The Taylor Bridge fire that scorched more than 36 square miles east of Cle Elum and destroyed 61 homes has been contained. But the state isn’t out of the fire danger woods by any stretch.

While that fire likely was caused by a construction crew, it burned out of control due in large part to dry conditions. Those conditions are present in other parts of the state, but some counties are facing another problem on top of that: insect infestation.

The state Department of Natural Resources has identified at least four areas –  more than 1 million acres in Okanogan, Ferry, Klickitat and Yakima counties – where infestation of such bugs as mountain pine beetle and western spruce budworm poses a serious threat to forest health. Trees weakened by insects are more vulnerable to fire than healthy ones.

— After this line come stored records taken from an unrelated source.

(* Let $V\in\mathcal{UM}$ with $\deg(V,0)=2$, let $\gamma,\bar\gamma\ge0$ with $\gamma+\bar\gamma>0$, and let $U(x)=\gamma W'(x)+\bar\gamma W'(-x)$. If the function $\gamma a+\bar\gamma\bar a:(0,\infty)\to\mathbb R$ has a real-analytic extension to $[0,\infty)$ (i.e. to an open set containing $[0,\infty)$), then $U$ is even. If moreover $V$ is not even, then $\gamma=\bar\gamma$.
   Context: $\mathcal{UM}$: real-analytic $V:\mathbb R\to\mathbb R_{\ge0}$ with $V(0)=0$, $yV'(y)>0$ for $y\neq0$, $V(y)\to\infty$ as $y\to\pm\infty$; $\deg(V,0)$ is the least $m$ with $V^{(m)}(0)\ne0$. For $\deg(V,0)=2$, $V_*$ is the bi-analytic map with $V_*'>0$ and $V_*^2=V$, and $W=V_*^{-1}$. $\bar V(y)=V(-y)$; $V^{-1}$ is the inverse of $V|_{[0,\infty)}$. $a(\theta)=\int_0^{V^{-1}(\theta)}\frac{dy}{\sqrt2\sqrt{\theta-V(y)}}$ and $\bar a(\theta)=\int_0^{\bar V^{-1}(\theta)}\frac{dy}{\sqrt2\sqrt{\theta-\bar V(y)}}$ for $\theta>0$; equivalently $\gamma a(\theta)+\bar\gamma\bar a(\theta)=\frac1{\sqrt2}\int_0^1\frac{U(\sqrt\theta s)}{\sqrt{1-s^2}}ds$. *)

From Stdlib Require Import Reals ClassicalEpsilon.
From Coquelicot Require Import Coquelicot.
Open Scope R_scope.

Definition analytic_at (f : R -> R) (x0 : R) : Prop :=
  exists r : R, 0 < r /\ exists c : nat -> R,
    forall x, Rabs (x - x0) < r -> is_pseries c (x - x0) (f x).

Definition analytic_on (D : R -> Prop) (f : R -> R) : Prop :=
  forall x, D x -> analytic_at f x.

Definition UM (V : R -> R) : Prop :=
  analytic_on (fun _ => True) V /\
  (forall y, 0 <= V y) /\
  V 0 = 0 /\
  (forall y, y <> 0 -> 0 < y * Derive V y) /\
  is_lim V p_infty p_infty /\
  is_lim V m_infty p_infty.

Definition deg_at0 (V : R -> R) (m : nat) : Prop :=
  Derive_n V m 0 <> 0 /\ (forall k, (k < m)%nat -> Derive_n V k 0 = 0).

Definition Vbar (V : R -> R) : R -> R := fun y => V (- y).

Definition Vinv (V : R -> R) (theta : R) : R :=
  epsilon (inhabits 0) (fun y => 0 <= y /\ V y = theta).

(* a(theta) = int_0^{V^{-1}(theta)} dy / (sqrt 2 sqrt(theta - V y)),
   an improper integral (singular at the upper endpoint). *)
Definition a_fun (V : R -> R) (theta : R) : R :=
  RInt_gen (fun y => 1 / (sqrt 2 * sqrt (theta - V y)))
           (at_point 0) (at_left (Vinv V theta)).

From Stdlib Require Import Reals Lra ClassicalEpsilon Classical.
From Coquelicot Require Import Coquelicot.
Open Scope R_scope.

(* Substituting y = W (sqrt theta * sin q) in a and abar gives
   sqrt 2 * (gamma a + gammab abar)(r ^ 2) = int_0^(PI/2) U (r sin q) dq  for r > 0.
   If the left-hand side extends analytically to 0, the right-hand side is an even germ,
   so its odd derivatives at 0 vanish; as its n-th derivative at 0 is
   U^(n)(0) * int_0^(PI/2) sin^n q dq, all odd derivatives of U vanish at 0 and the
   analytic function U is even.  If gamma <> gammab this forces W' to be even, hence W and
   Vs odd, hence V = Vs ^ 2 even. *)

Definition pseries_on (f : R -> R) (x0 r : R) (c : nat -> R) : Prop :=
  forall x, Rabs (x - x0) < r -> is_pseries c (x - x0) (f x).

Definition analytic (f : R -> R) : Prop := forall x, analytic_at f x.

Lemma CV_radius_ge_ex_pseries (c : nat -> R) (x : R) :
  ex_pseries c x -> Rbar_le (Rabs x) (CV_radius c).
Proof.
  intros Hx. apply Rbar_not_lt_le. intros Hlt.
  apply (CV_disk_outside c x Hlt), ex_series_lim_0, ex_pseries_R, Hx.
Qed.

Section PseriesOn.
Variables (f : R -> R) (x0 r : R) (c : nat -> R).
Hypothesis Hf : pseries_on f x0 r c.

Lemma pseries_on_CV_radius (z : R) : Rabs z < r -> Rbar_lt (Rabs z) (CV_radius c).
Proof.
  intros Hz. set (z' := (Rabs z + r) / 2).
  assert (Hz' : 0 <= z') by (unfold z'; pose proof (Rabs_pos z); lra).
  assert (Hle : Rbar_le (Rabs z') (CV_radius c)).
  { apply CV_radius_ge_ex_pseries. exists (f (z' + x0)).
    assert (H := Hf (z' + x0)). replace (z' + x0 - x0) with z' in H by ring.
    apply H. rewrite Rabs_pos_eq by exact Hz'. unfold z'; lra. }
  rewrite Rabs_pos_eq in Hle by lra.
  destruct (CV_radius c) as [R0| |]; simpl in *; unfold z' in Hle; lra || easy.
Qed.

Lemma pseries_on_PSeries (x : R) : Rabs (x - x0) < r -> f x = PSeries c (x - x0).
Proof. intros Hx. symmetry. apply is_pseries_unique, Hf, Hx. Qed.

Lemma pseries_on_is_derive (x : R) :
  Rabs (x - x0) < r -> is_derive f x (PSeries (PS_derive c) (x - x0)).
Proof.
  intros Hx.
  apply is_derive_ext_loc with (fun t => PSeries c (t - x0)).
  - assert (Hd : 0 < r - Rabs (x - x0)) by lra.
    exists (mkposreal _ Hd). intros y Hy. change (Rabs (y - x) < r - Rabs (x - x0)) in Hy.
    symmetry. apply pseries_on_PSeries.
    pose proof (Rabs_triang (y - x) (x - x0)).
    replace (y - x + (x - x0)) with (y - x0) in * by ring. lra.
  - replace (PSeries (PS_derive c) (x - x0)) with (scal 1 (PSeries (PS_derive c) (x - x0)))
      by apply (scal_one (K := R_AbsRing)).
    apply (is_derive_comp (PSeries c) (fun t => t - x0)).
    + apply is_derive_PSeries, pseries_on_CV_radius, Hx.
    + auto_derive; auto.
Qed.

Lemma pseries_on_Derive : pseries_on (Derive f) x0 r (PS_derive c).
Proof.
  intros x Hx. rewrite (is_derive_unique _ _ _ (pseries_on_is_derive x Hx)).
  apply PSeries_correct, CV_radius_inside. rewrite CV_radius_derive.
  apply pseries_on_CV_radius, Hx.
Qed.

Lemma pseries_on_Derive_n (n : nat) : 0 < r -> Derive_n f n x0 = c n * INR (Factorial.fact n).
Proof.
  intros Hr.
  rewrite (Derive_n_ext_loc f (fun t => PSeries c (t + - x0))).
  - rewrite Derive_n_comp_trans, Rplus_opp_r. apply Derive_n_coef.
    rewrite <- Rabs_R0. apply pseries_on_CV_radius. rewrite Rabs_R0. exact Hr.
  - exists (mkposreal r Hr). intros y Hy. apply pseries_on_PSeries, Hy.
Qed.

End PseriesOn.

Section Analytic.
Variable f : R -> R.
Hypothesis Hf : analytic f.

Lemma analytic_Derive : analytic (Derive f).
Proof.
  intros x0. destruct (Hf x0) as [r [Hr [c Hc]]].
  exists r. split; [exact Hr|]. exists (PS_derive c). exact (pseries_on_Derive f x0 r c Hc).
Qed.

Lemma analytic_is_derive (x : R) : is_derive f x (Derive f x).
Proof.
  destruct (Hf x) as [r [Hr [c Hc]]]. apply Derive_correct.
  eexists. apply (pseries_on_is_derive f x r c Hc). rewrite Rminus_diag, Rabs_R0. exact Hr.
Qed.

Lemma analytic_continuous (x : R) : continuous f x.
Proof. apply (ex_derive_continuous f x). eexists. apply analytic_is_derive. Qed.

Lemma analytic_comp_opp : analytic (fun x => f (- x)).
Proof.
  intros x0. destruct (Hf (- x0)) as [r [Hr [c Hc]]].
  exists r. split; [exact Hr|]. exists (fun n => (-1) ^ n * c n). intros x Hx.
  assert (H : is_pseries c ((-1) * (x - x0)) (f (- x))).
  { replace ((-1) * (x - x0)) with (- x - - x0) by ring. apply Hc.
    replace (- x - - x0) with (- (x - x0)) by ring. rewrite Rabs_Ropp. exact Hx. }
  apply is_pseries_R in H. apply is_pseries_R.
  apply is_series_ext with (2 := H). intros n.
  rewrite Rpow_mult_distr, <- Rmult_assoc, (Rmult_comm (c n)). reflexivity.
Qed.

End Analytic.

Lemma analytic_Derive_n (f : R -> R) (n : nat) : analytic f -> analytic (Derive_n f n).
Proof.
  intros Hf. induction n as [|n IHn]; [exact Hf|]. apply analytic_Derive, IHn.
Qed.

Lemma analytic_ex_derive_n (f : R -> R) (n : nat) (x : R) :
  analytic f -> ex_derive_n f n x.
Proof.
  intros Hf.
  destruct n as [|n]; [exact I|]. simpl.
  eexists. apply analytic_is_derive, analytic_Derive_n, Hf.
Qed.

Lemma analytic_at_scal (f : R -> R) (k x0 : R) :
  analytic_at f x0 -> analytic_at (fun x => k * f x) x0.
Proof.
  intros [r [Hr [c Hc]]]. exists r. split; [exact Hr|].
  exists (fun n => k * c n). intros x Hx.
  assert (H := Hc x Hx). apply is_pseries_R in H. apply is_pseries_R.
  apply is_series_ext with (2 := is_series_scal_l k _ _ H). intros n.
  unfold scal; simpl; unfold mult; simpl. symmetry. apply Rmult_assoc.
Qed.

Lemma analytic_at_plus (f g : R -> R) (x0 : R) :
  analytic_at f x0 -> analytic_at g x0 -> analytic_at (fun x => f x + g x) x0.
Proof.
  intros [r1 [Hr1 [c1 Hc1]]] [r2 [Hr2 [c2 Hc2]]].
  exists (Rmin r1 r2). split; [apply Rmin_glb_lt; assumption|].
  exists (fun n => c1 n + c2 n). intros x Hx.
  apply (is_pseries_plus c1 c2).
  - apply Hc1. apply Rlt_le_trans with (1 := Hx), Rmin_l.
  - apply Hc2. apply Rlt_le_trans with (1 := Hx), Rmin_r.
Qed.

Lemma R_connected (Z : R -> Prop) (a : R) :
  (forall x, locally x (fun y => Z y <-> Z x)) -> Z a -> forall x, Z x.
Proof.
  intros HZ HZa x. apply NNPP. intros HZx.
  (* The indicator of Z is locally constant, hence continuous, and the IVT forbids it
     to jump from 1 to 0. *)
  set (g := fun y => if excluded_middle_informative (Z y) then 1 else 0).
  assert (Hg : continuity g).
  { intros y. apply continuity_pt_filterlim.
    apply continuous_ext_loc with (fun _ => g y); [|apply continuous_const].
    apply filter_imp with (2 := HZ y). intros t Ht. unfold g.
    destruct (excluded_middle_informative (Z y)), (excluded_middle_informative (Z t)); tauto. }
  assert (Hga : g a = 1) by (unfold g; destruct excluded_middle_informative; tauto).
  assert (Hgx : g x = 0) by (unfold g; destruct excluded_middle_informative; tauto).
  destruct (IVT_gen g a x (1/2) Hg) as [y [_ Hy]].
  { rewrite Hga, Hgx, Rmin_right, Rmax_left; lra. }
  unfold g in Hy. destruct excluded_middle_informative; lra.
Qed.

Lemma continuous_locally_neq (h : R -> R) (x c : R) :
  continuous h x -> h x <> c -> locally x (fun y => h y <> c).
Proof.
  intros Hh Hne.
  assert (He : 0 < Rabs (h x - c)) by (apply Rabs_pos_lt; lra).
  apply (Hh (fun v => v <> c)). exists (mkposreal _ He). intros v Hv Hvc.
  change (Rabs (v - h x) < Rabs (h x - c)) in Hv. subst v.
  rewrite <- Rabs_Ropp in Hv. replace (- (c - h x)) with (h x - c) in Hv by ring. lra.
Qed.

Lemma analytic_at_eq_near (f g : R -> R) (x0 : R) :
  analytic_at f x0 -> analytic_at g x0 ->
  (forall n, Derive_n f n x0 = Derive_n g n x0) -> locally x0 (fun y => f y = g y).
Proof.
  intros [r1 [Hr1 [c1 Hc1]]] [r2 [Hr2 [c2 Hc2]]] Hfg.
  assert (Hc : forall n, c1 n = c2 n).
  { intros n. specialize (Hfg n).
    rewrite (pseries_on_Derive_n f x0 r1 c1 Hc1 n Hr1),
            (pseries_on_Derive_n g x0 r2 c2 Hc2 n Hr2) in Hfg.
    apply Rmult_eq_reg_r in Hfg; [exact Hfg|apply INR_fact_neq_0]. }
  assert (Hr : 0 < Rmin r1 r2) by (apply Rmin_glb_lt; assumption).
  exists (mkposreal _ Hr). intros y Hy. change (Rabs (y - x0) < Rmin r1 r2) in Hy.
  rewrite (pseries_on_PSeries f x0 r1 c1 Hc1), (pseries_on_PSeries g x0 r2 c2 Hc2).
  - apply PSeries_ext, Hc.
  - apply Rlt_le_trans with (1 := Hy), Rmin_r.
  - apply Rlt_le_trans with (1 := Hy), Rmin_l.
Qed.

Lemma analytic_eq_of_Derive_n_eq (f g : R -> R) (x0 : R) :
  analytic f -> analytic g ->
  (forall n, Derive_n f n x0 = Derive_n g n x0) -> forall x, f x = g x.
Proof.
  intros Hf Hg Hx0 x.
  set (Z := fun y => forall n, Derive_n f n y = Derive_n g n y).
  enough (HZ : Z x) by exact (HZ O).
  apply (R_connected Z x0); [|exact Hx0]. intros t.
  destruct (classic (Z t)) as [Zt|nZt].
  - assert (Hloc := locally_locally _ _ (analytic_at_eq_near f g t (Hf t) (Hg t) Zt)).
    apply filter_imp with (2 := Hloc). intros y Hy.
    split; [intros _; exact Zt|intros _ n; apply Derive_n_ext_loc, Hy].
  - destruct (not_all_ex_not _ _ nZt) as [n Hn].
    assert (Hc : continuous (fun y => Derive_n f n y - Derive_n g n y) t).
    { apply (continuous_minus (Derive_n f n) (Derive_n g n));
        apply analytic_continuous, analytic_Derive_n; assumption. }
    apply filter_imp with (2 := continuous_locally_neq _ t 0 Hc ltac:(lra)).
    intros y Hy. split; [intros HZy; exfalso; apply Hy; rewrite (HZy n); ring|tauto].
Qed.

Lemma continuous_eq_of_eq_right (f g : R -> R) (x d : R) :
  0 < d -> continuous f x -> continuous g x ->
  (forall y, x < y < x + d -> f y = g y) -> f x = g x.
Proof.
  intros Hd Hf Hg Hfg.
  apply (filterlim_locally_unique (F := at_right x) f).
  - apply filterlim_filter_le_1 with (2 := Hf). apply filter_le_within.
  - apply filterlim_ext_loc with g; [|apply filterlim_filter_le_1 with (2 := Hg), filter_le_within].
    exists (mkposreal d Hd). intros y Hy Hxy. symmetry. apply Hfg.
    change (Rabs (y - x) < d) in Hy. apply Rabs_def2 in Hy. lra.
Qed.

Lemma is_pseries_null (x : R) : is_pseries (fun _ => 0) x 0.
Proof.
  assert (H := is_pseries_0 (K := R_AbsRing) (fun _ : nat => 0)).
  apply is_pseries_R in H. apply is_pseries_R.
  apply is_series_ext with (2 := H). intros n. rewrite !Rmult_0_l. reflexivity.
Qed.

(* The power series of [phi (x ^ 2)] has only even terms and governs [g] to the right of [0]. *)
Lemma Derive_n_odd_eq0_of_even_germ (g phi : R -> R) (rho : R) (n : nat) :
  0 < rho -> analytic_at phi 0 ->
  (forall r, 0 < r < rho -> g r = phi (r ^ 2)) ->
  continuous (Derive_n g n) 0 -> Nat.Odd n -> Derive_n g n 0 = 0.
Proof.
  intros Hrho [rF [HrF [c Hc]]] Hg Hgc [m ->].
  set (e := fun k => if Nat.even k then c (Nat.div2 k) else 0).
  set (d := Rmin rho (Rmin rF 1)).
  assert (Hd : 0 < d) by (repeat apply Rmin_glb_lt; lra).
  assert (Hdrho : d <= rho) by apply Rmin_l.
  assert (HdF : d <= rF) by (eapply Rle_trans; [apply Rmin_r|apply Rmin_l]).
  assert (Hd1 : d <= 1) by (eapply Rle_trans; [apply Rmin_r|apply Rmin_r]).
  assert (He : pseries_on (fun x => phi (x ^ 2)) 0 d e).
  { intros x Hx. rewrite Rminus_0_r in *.
    replace (phi (x ^ 2)) with (phi (x ^ 2) + x * 0) by ring.
    apply is_pseries_odd_even.
    - apply is_pseries_ext with c.
      { intros k. unfold e. rewrite Nat.even_even, Nat.div2_even. reflexivity. }
      assert (H := Hc (x ^ 2)). rewrite Rminus_0_r in H. apply H.
      rewrite <- RPow_abs. pose proof (Rabs_pos x). simpl. nra.
    - apply is_pseries_ext with (fun _ => 0).
      { intros k. unfold e. rewrite Nat.even_odd. reflexivity. }
      apply is_pseries_null. }
  assert (Hrad : Rbar_lt 0 (CV_radius e)).
  { rewrite <- Rabs_R0. apply (pseries_on_CV_radius _ _ _ _ He). rewrite Rabs_R0. exact Hd. }
  rewrite (continuous_eq_of_eq_right (Derive_n g (2 * m + 1))
                                     (Derive_n (PSeries e) (2 * m + 1)) 0 d).
  - rewrite Derive_n_coef by exact Hrad. unfold e. rewrite Nat.even_odd. ring.
  - exact Hd.
  - exact Hgc.
  - apply (ex_derive_continuous (Derive_n (PSeries e) (2 * m + 1))).
    apply (ex_derive_n_PSeries (S (2 * m + 1))). rewrite Rabs_R0. exact Hrad.
  - intros y Hy. apply Derive_n_ext_loc.
    assert (Hy' : 0 < Rmin y (d - y)) by (apply Rmin_glb_lt; lra).
    exists (mkposreal _ Hy'). intros t Ht. change (Rabs (t - y) < Rmin y (d - y)) in Ht.
    pose proof (Rmin_l y (d - y)). pose proof (Rmin_r y (d - y)). apply Rabs_def2 in Ht.
    rewrite Hg by lra. replace t with (t - 0) at 2 by ring.
    apply (pseries_on_PSeries _ _ _ _ He). rewrite Rminus_0_r, Rabs_pos_eq; lra.
Qed.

Most of the land deemed at-risk is public – including national forest and state DNR trust land – but about 200,000 of the acres are in private hands.

Those landowners should take advantage of the state’s offer of a professional forester’s services to assess their risk and identify action that needs to be taken, including thinning and harvesting. State and federal funds could be available to help them with that work.

The landowners’ participation is voluntary, but it’s to their benefit to take steps that would decrease risk of a catastrophic fire on their property.

Another strategy for improving the long-term health of the state’s forest is to increase its diversity. Many forests once dominated by insect-resistant Ponderosa pines are now predominantly Douglas fir, which aren’t as resistant. On top of that, a century of aggressive fire suppression has left forests dense and fuel-rich.

Thinning already weakened forests and planting more resistant trees are important tools in lowering the fire risk in years to come. Taking preventive steps now will have long-range benefits for landowners – and their neighbors.